(* For $n=0,1,2,\ldots$ let $R_n=\sum_{k=0}^n\binom{n}{k}\binom{n+k}{k}\frac{1}{2k-1}$. Then the sequence $\{\sqrt[n]{R_n}\}_{n=1}^\infty$ is strictly increasing, and $\lim_{n\to\infty}\sqrt[n]{R_n}=3+2\sqrt{2}$. *)

From Stdlib Require Import Reals.
From Coquelicot Require Import Coquelicot.
Open Scope R_scope.

(* R_n = sum_{k=0}^n C(n,k) C(n+k,k) / (2k-1).  Note sum_f_R0 f n sums k = 0..n. *)
Definition Rseq (n : nat) : R :=
  sum_f_R0 (fun k => Binomial.C n k * Binomial.C (n + k) k / (2 * INR k - 1)) n.

(* n-th root of R_n, as R_n^(1/n) (R_n > 0 for n >= 1). *)
Definition rootRseq (n : nat) : R := Rpower (Rseq n) (/ INR n).

(* Let D_n = sum_k C(n,k) C(n+k,k) be the central Delannoy numbers, which satisfy
   (n+2) D_{n+2} = 3(2n+3) D_{n+1} - (n+1) D_n.  Comparing R_{n+1} with R_n term by
   term gives (2n+1) R_{n+1} = (2n+3) R_n + D_n + D_{n+1}, and eliminating D yields a
   third-order recurrence for R_n, i.e. a second-order rational recurrence for the
   ratios r_n = R_{n+1}/R_n.  An induction from n = 3 shows that r_n increases,
   with increments at most 100/((n+1)(n+2)), so r_n converges, and its limit L > 1 is a
   fixed point: L^3 - 7L^2 + 7L - 1 = (L-1)(L^2-6L+1) = 0, i.e. L = 3 + 2 sqrt 2.
   Monotonicity of R_n^(1/n) amounts to R_n < r_n^n, and the limit of R_n^(1/n) follows
   from that of r_n by Cesaro's theorem applied to ln r_n. *)

From Stdlib Require Import Reals Lra Lia.
From Coquelicot Require Import Coquelicot.
Open Scope R_scope.

Definition delannoy_term (n k : nat) : R := Binomial.C n k * Binomial.C (n + k) k.

Definition Delannoy (n : nat) : R := sum_f_R0 (delannoy_term n) n.

Lemma delannoy_term_fact n k : (k <= n)%nat ->
  delannoy_term n k =
  INR (Factorial.fact (n + k)) / (INR (Factorial.fact k) ^ 2 * INR (Factorial.fact (n - k))).
Proof.
  intros Hk. unfold delannoy_term, Binomial.C.
  replace (n + k - k)%nat with n by lia.
  pose proof (INR_fact_neq_0 n). pose proof (INR_fact_neq_0 k).
  pose proof (INR_fact_neq_0 (n - k)).
  field; auto.
Qed.

Lemma delannoy_term_0 n : delannoy_term n 0 = 1.
Proof.
  rewrite delannoy_term_fact by lia. rewrite Nat.add_0_r, Nat.sub_0_r.
  simpl. field. apply INR_fact_neq_0.
Qed.

Lemma delannoy_term_succ_l n k : (k <= n)%nat ->
  (INR n + 1 - INR k) * delannoy_term (S n) k = (INR n + 1 + INR k) * delannoy_term n k.
Proof.
  intros Hk. rewrite !delannoy_term_fact by lia.
  replace (S n - k)%nat with (S (n - k)) by lia.
  replace (S n + k)%nat with (S (n + k)) by lia.
  rewrite !fact_simpl, !mult_INR, !S_INR, minus_INR, plus_INR by lia.
  pose proof (INR_fact_neq_0 (n + k)). pose proof (INR_fact_neq_0 k).
  pose proof (INR_fact_neq_0 (n - k)).
  assert (INR n - INR k + 1 <> 0) by (apply le_INR in Hk; lra).
  field; auto.
Qed.

Lemma delannoy_term_succ_r n k : (S k <= n)%nat ->
  (INR k + 1) ^ 2 * delannoy_term n (S k)
  = (INR n - INR k) * (INR n + INR k + 1) * delannoy_term n k.
Proof.
  intros Hk. rewrite !delannoy_term_fact by lia.
  replace (n - k)%nat with (S (n - S k)) by lia.
  replace (n + S k)%nat with (S (n + k)) by lia.
  rewrite !fact_simpl, !mult_INR, !S_INR, minus_INR, plus_INR, S_INR by lia.
  pose proof (INR_fact_neq_0 (n + k)). pose proof (INR_fact_neq_0 k).
  pose proof (INR_fact_neq_0 (n - S k)).
  assert (INR k + 1 <> 0) by (pose proof (pos_INR k); lra).
  assert (INR n - (INR k + 1) + 1 <> 0) by (apply le_INR in Hk; rewrite S_INR in Hk; lra).
  field; auto.
Qed.

Lemma eq_div_of_mul_eq p q x y : p <> 0 -> p * x = q * y -> x = q / p * y.
Proof. intros Hp H. apply (Rmult_eq_reg_l p); [rewrite H; field|]; auto. Qed.

Lemma sum_f_R0_lin3 (f g h : nat -> R) (a b c : R) N :
  sum_f_R0 (fun k => a * f k - b * g k + c * h k) N
  = a * sum_f_R0 f N - b * sum_f_R0 g N + c * sum_f_R0 h N.
Proof. induction N as [|N IH]; simpl; [|rewrite IH]; ring. Qed.

Definition delannoy_rec_summand (n k : nat) : R :=
  (INR n + 2) * delannoy_term (S (S n)) k - 3 * (2 * INR n + 3) * delannoy_term (S n) k
  + (INR n + 1) * delannoy_term n k.

(* The certificate produced by Zeilberger's algorithm. *)
Lemma delannoy_rec_summand_telescope n j : (S j <= n)%nat ->
  delannoy_rec_summand n (S j)
  = - (4 * INR n + 6) * (delannoy_term (S n) (S j) - delannoy_term (S n) j).
Proof.
  intros Hj. unfold delannoy_rec_summand.
  pose proof (delannoy_term_succ_l n (S j) Hj) as e1.
  pose proof (delannoy_term_succ_l (S n) (S j) ltac:(lia)) as e2.
  pose proof (delannoy_term_succ_r (S n) j ltac:(lia)) as e3.
  apply le_INR in Hj. rewrite !S_INR in *. pose proof (pos_INR j).
  apply eq_div_of_mul_eq in e1; [|lra]. apply eq_div_of_mul_eq in e2; [|lra].
  symmetry in e3. apply eq_div_of_mul_eq in e3;
    [|apply Rmult_integral_contrapositive; split; lra].
  rewrite e3, e2, e1. field. repeat split; lra.
Qed.

Lemma delannoy_rec_partial_sum n m : (m <= n)%nat ->
  sum_f_R0 (delannoy_rec_summand n) m = - (4 * INR n + 6) * delannoy_term (S n) m.
Proof.
  induction m as [|m IH]; intros Hm.
  - simpl. unfold delannoy_rec_summand. rewrite !delannoy_term_0. ring.
  - simpl. rewrite IH, delannoy_rec_summand_telescope by lia. ring.
Qed.

Lemma delannoy_rec_boundary n :
  (INR n + 2) * (delannoy_term (S (S n)) (S n) + delannoy_term (S (S n)) (S (S n)))
  - 3 * (2 * INR n + 3) * delannoy_term (S n) (S n)
  = (4 * INR n + 6) * delannoy_term (S n) n.
Proof.
  pose proof (delannoy_term_succ_r (S n) n ltac:(lia)) as e1.
  pose proof (delannoy_term_succ_l (S n) (S n) ltac:(lia)) as e2.
  pose proof (delannoy_term_succ_r (S (S n)) (S n) ltac:(lia)) as e3.
  rewrite !S_INR in *. pose proof (pos_INR n).
  replace (INR n + 1 + 1 - (INR n + 1)) with 1 in e2 by ring. rewrite Rmult_1_l in e2.
  apply eq_div_of_mul_eq in e1; [|apply pow_nonzero; lra].
  apply eq_div_of_mul_eq in e3; [|apply pow_nonzero; lra].
  rewrite e3, e2, e1. field. lra.
Qed.

Lemma Delannoy_rec n :
  (INR n + 2) * Delannoy (S (S n)) - 3 * (2 * INR n + 3) * Delannoy (S n)
  + (INR n + 1) * Delannoy n = 0.
Proof.
  pose proof (delannoy_rec_partial_sum n n (le_n n)) as Hsum.
  unfold delannoy_rec_summand in Hsum. rewrite sum_f_R0_lin3 in Hsum.
  pose proof (delannoy_rec_boundary n) as Hbd.
  unfold Delannoy. rewrite !tech5. lra.
Qed.

Lemma two_INR_sub_1_neq_0 k : 2 * INR k - 1 <> 0.
Proof.
  destruct k as [|k]; [simpl; lra|].
  rewrite S_INR. pose proof (pos_INR k). lra.
Qed.

Lemma Rseq_Delannoy_rec n :
  (2 * INR n + 1) * Rseq (S n) = (2 * INR n + 3) * Rseq n + Delannoy n + Delannoy (S n).
Proof.
  unfold Rseq, Delannoy.
  change (fun k => Binomial.C ?m k * Binomial.C (?m + k) k / (2 * INR k - 1))
    with (fun k => delannoy_term m k / (2 * INR k - 1)).
  assert (Hpartial : forall m, (m <= n)%nat ->
     (2 * INR n + 1) * sum_f_R0 (fun k => delannoy_term (S n) k / (2 * INR k - 1)) m
     = (2 * INR n + 3) * sum_f_R0 (fun k => delannoy_term n k / (2 * INR k - 1)) m
       + sum_f_R0 (delannoy_term n) m + sum_f_R0 (delannoy_term (S n)) m).
  { induction m as [|m IH]; intros Hm.
    - simpl. rewrite !delannoy_term_0. field.
    - rewrite !tech5, Rmult_plus_distr_l, IH by lia.
      pose proof (delannoy_term_succ_l n (S m) Hm) as e.
      pose proof (two_INR_sub_1_neq_0 (S m)).
      apply le_INR in Hm. rewrite S_INR in *.
      apply eq_div_of_mul_eq in e; [|lra]. rewrite e. field. lra. }
  rewrite tech5, Rmult_plus_distr_l, Hpartial, tech5 by lia.
  pose proof (two_INR_sub_1_neq_0 (S n)). rewrite S_INR in *.
  field. lra.
Qed.

Lemma Rseq_rec n :
  (INR n + 3) * Rseq (S (S (S n))) =
  (7 * INR n + 13) * Rseq (S (S n)) - (7 * INR n + 15) * Rseq (S n) + (INR n + 1) * Rseq n.
Proof.
  pose proof (Rseq_Delannoy_rec n) as h0. pose proof (Rseq_Delannoy_rec (S n)) as h1.
  pose proof (Rseq_Delannoy_rec (S (S n))) as h2.
  pose proof (Delannoy_rec n) as d0. pose proof (Delannoy_rec (S n)) as d1.
  rewrite !S_INR in *. pose proof (pos_INR n).
  set (x := INR n) in *.
  set (D2 := Delannoy (S (S n))) in *. set (D3 := Delannoy (S (S (S n)))) in *.
  set (R1 := Rseq (S n)) in *. set (R2 := Rseq (S (S n))) in *.
  set (R3 := Rseq (S (S (S n)))) in *.
  assert (eD2 : D2 = (3 * (2 * x + 3) * Delannoy (S n) - (x + 1) * Delannoy n) / (x + 2))
    by (apply Rmult_eq_reg_l with (x + 2); [field_simplify|]; lra).
  assert (eD3 : D3 = (3 * (2 * x + 5) * D2 - (x + 2) * Delannoy (S n)) / (x + 3))
    by (apply Rmult_eq_reg_l with (x + 3); [field_simplify|]; lra).
  assert (eR1 : R1 = ((2 * x + 3) * Rseq n + Delannoy n + Delannoy (S n)) / (2 * x + 1))
    by (apply Rmult_eq_reg_l with (2 * x + 1); [field_simplify|]; lra).
  assert (eR2 : R2 = ((2 * x + 5) * R1 + Delannoy (S n) + D2) / (2 * x + 3))
    by (apply Rmult_eq_reg_l with (2 * x + 3); [field_simplify|]; lra).
  assert (eR3 : R3 = ((2 * x + 7) * R2 + D2 + D3) / (2 * x + 5))
    by (apply Rmult_eq_reg_l with (2 * x + 5); [field_simplify|]; lra).
  rewrite eR3, eR2, eR1, eD3, eD2. field. lra.
Qed.

Lemma Rseq_0 : Rseq 0 = -1.
Proof. unfold Rseq, Binomial.C. simpl. field. Qed.

Lemma Rseq_1 : Rseq 1 = 1.
Proof. unfold Rseq, Binomial.C. simpl. field. Qed.

Lemma Rseq_2 : Rseq 2 = 7.
Proof. unfold Rseq, Binomial.C. simpl. field. Qed.

Lemma Rseq_rec_eval n a b c :
  Rseq n = a -> Rseq (S n) = b -> Rseq (S (S n)) = c ->
  Rseq (S (S (S n)))
  = ((7 * INR n + 13) * c - (7 * INR n + 15) * b + (INR n + 1) * a) / (INR n + 3).
Proof.
  intros <- <- <-. pose proof (Rseq_rec n). pose proof (pos_INR n).
  apply Rmult_eq_reg_l with (INR n + 3); [field_simplify|]; lra.
Qed.

Lemma Rseq_3 : Rseq 3 = 25.
Proof. rewrite (Rseq_rec_eval 0 _ _ _ Rseq_0 Rseq_1 Rseq_2). simpl. field. Qed.

Lemma Rseq_4 : Rseq 4 = 87.
Proof. rewrite (Rseq_rec_eval 1 _ _ _ Rseq_1 Rseq_2 Rseq_3). simpl. field. Qed.

Lemma Rseq_5 : Rseq 5 = 329.
Proof. rewrite (Rseq_rec_eval 2 _ _ _ Rseq_2 Rseq_3 Rseq_4). simpl. field. Qed.

Lemma Rseq_6 : Rseq 6 = 1359.
Proof. rewrite (Rseq_rec_eval 3 _ _ _ Rseq_3 Rseq_4 Rseq_5). simpl. field. Qed.

Definition ratio (n : nat) : R := Rseq (S n) / Rseq n.

Definition ratio_step (x a b : R) : R :=
  ((7 * x + 13) - (7 * x + 15) / a + (x + 1) / (a * b)) / (x + 3).

Lemma ratio_rec n : Rseq n <> 0 -> Rseq (S n) <> 0 -> Rseq (S (S n)) <> 0 ->
  ratio (S (S n)) = ratio_step (INR n) (ratio (S n)) (ratio n).
Proof.
  intros h0 h1 h2. unfold ratio, ratio_step. pose proof (pos_INR n).
  rewrite (Rseq_rec_eval n _ _ _ eq_refl eq_refl eq_refl). field. lra.
Qed.

Lemma inv_bounds_of_ge y : 17/5 <= y -> 0 < / y <= 5/17.
Proof.
  intros Hy. split; [apply Rinv_0_lt_compat; lra|].
  replace (5/17) with (/ (17/5)) by field. apply Rinv_le_contravar; lra.
Qed.

Section RatioIncrement.

Variables x a b c : R.
Hypothesis Hx : 4 <= x.
Hypothesis Hc : 17/5 <= c.
Hypothesis Hcb : c < b.
Hypothesis Hba : b < a.
Hypothesis Ha : a = ratio_step (x - 1) b c.

(* The new increment is a positive multiple of a - b, minus a multiple of b - c, plus a
   positive term of order 1/x^2 that dominates the second one. *)
Lemma ratio_step_sub_decomp :
  ratio_step x a b - a =
  (a - b) * (/ a * / b) * ((7 * x + 15 - (x + 1) * / b) / (x + 3))
  - (x + 1) / (x + 3) * ((b - c) * (/ b * / b * / c))
  + (8 - 6 * / b + 2 * (/ b * / c)) / ((x + 2) * (x + 3)).
Proof.
  rewrite Ha at 2. unfold ratio_step.
  replace (x - 1 + 13) with (x + 12) by ring. field. repeat split; lra.
Qed.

GOAL OF THE EXERCISE |
Above are the records; print exactly the lines from the line with "pose proof (delannoy_term_succ_l (S n) (S n)" to the line with "replace (INR n", including both, and nothing else.

TASK RESPONSE |
  pose proof (delannoy_term_succ_l (S n) (S n) ltac:(lia)) as e2.
  pose proof (delannoy_term_succ_r (S (S n)) (S n) ltac:(lia)) as e3.
  rewrite !S_INR in *. pose proof (pos_INR n).
  replace (INR n + 1 + 1 - (INR n + 1)) with 1 in e2 by ring. rewrite Rmult_1_l in e2.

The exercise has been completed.